Return the line containing "apply/setP => -[r" and every line after it through the end of the entries below, with no other lines.

Collected data entries
+++
Lemma isUT_mul a b : isUT a -> isUT b -> isUT (a * b).
Proof.
move=> [al ad] [bl bd]; split=> [p q qp|p]; rewrite -mulmxE mxE.
  apply: big1 => t _; have [tp|pt] := ltnP t p; first by rewrite al // mul0r.
  by rewrite bl ?mulr0 // (leq_trans qp pt).
rewrite (bigD1 p) //= ad bd mulr1 big1 ?addr0 // => t tp.
have [tp'|pt] := ltnP t p; first by rewrite al // mul0r.
by rewrite bl ?mulr0 // ltn_neqAle pt andbT eq_sym.
Qed.

Lemma isUT_mul_superdiag a b p q : isUT a -> isUT b -> q = p.+1 :> nat ->
  (a * b) p q = a p q + b p q.
Proof.
move=> [al ad] [bl bd] qp; rewrite -mulmxE mxE (bigD1 p) // (bigD1 q) /=; last first.
  by apply/eqP => /(congr1 val) /=; lia.
rewrite ad bd mul1r mulr1 big1 ?addr0 1?addrC // => t /andP[tq tp].
have [tlp|pt] := ltnP t p; first by rewrite al // mul0r.
rewrite bl ?mulr0 //; move: tp tq pt; rewrite -!val_eqE /= qp; lia.
Qed.

Lemma isUT_unitmx y : isUT y -> y \in unitmx.
Proof.
move=> [yl yd]; rewrite unitmxE -det_tr det_trig.
  by rewrite big1 ?unitr1 // => i _; rewrite mxE yd.
by apply/is_trig_mxP => i j ij; rewrite mxE yl.
Qed.

Definition offdiag_support y := [set ij : 'I_n * 'I_n | (ij.1 < ij.2)%N && (y ij.1 ij.2 != 0)].

Lemma UT_support0 y : isUT y -> offdiag_support y = set0 -> y = 1.
Proof.
move=> [yl yd] S0; apply/matrixP => r s; rewrite mxE.
have [rs|sr|/val_inj->] := ltngtP r s; last by rewrite yd eqxx.
- have : (r, s) \notin offdiag_support y by rewrite S0 inE.
  by rewrite inE /= rs negbK -val_eqE (ltn_eqF rs) => /eqP.
- by rewrite yl // -val_eqE (gtn_eqF sr).
Qed.

Lemma offdiag_support_clear y i j :
  offdiag_support (y - y i j *: delta_mx i j) = offdiag_support y :\ (i, j).
Proof.
apply/setP => -[r s]; rewrite !inE !mxE /= xpair_eqE.
have [[-> ->]|rs_ij] := eqVneq (r, s) (i, j); first by rewrite !eqxx mulr1 subrr eqxx andbF.
by move: rs_ij; rewrite xpair_eqE => /negbTE->; rewrite mulr0 subr0.
Qed.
+++
→ **WORKED SOLUTION**:
apply/setP => -[r s]; rewrite !inE !mxE /= xpair_eqE.
have [[-> ->]|rs_ij] := eqVneq (r, s) (i, j); first by rewrite !eqxx mulr1 subrr eqxx andbF.
by move: rs_ij; rewrite xpair_eqE => /negbTE->; rewrite mulr0 subr0.
Qed.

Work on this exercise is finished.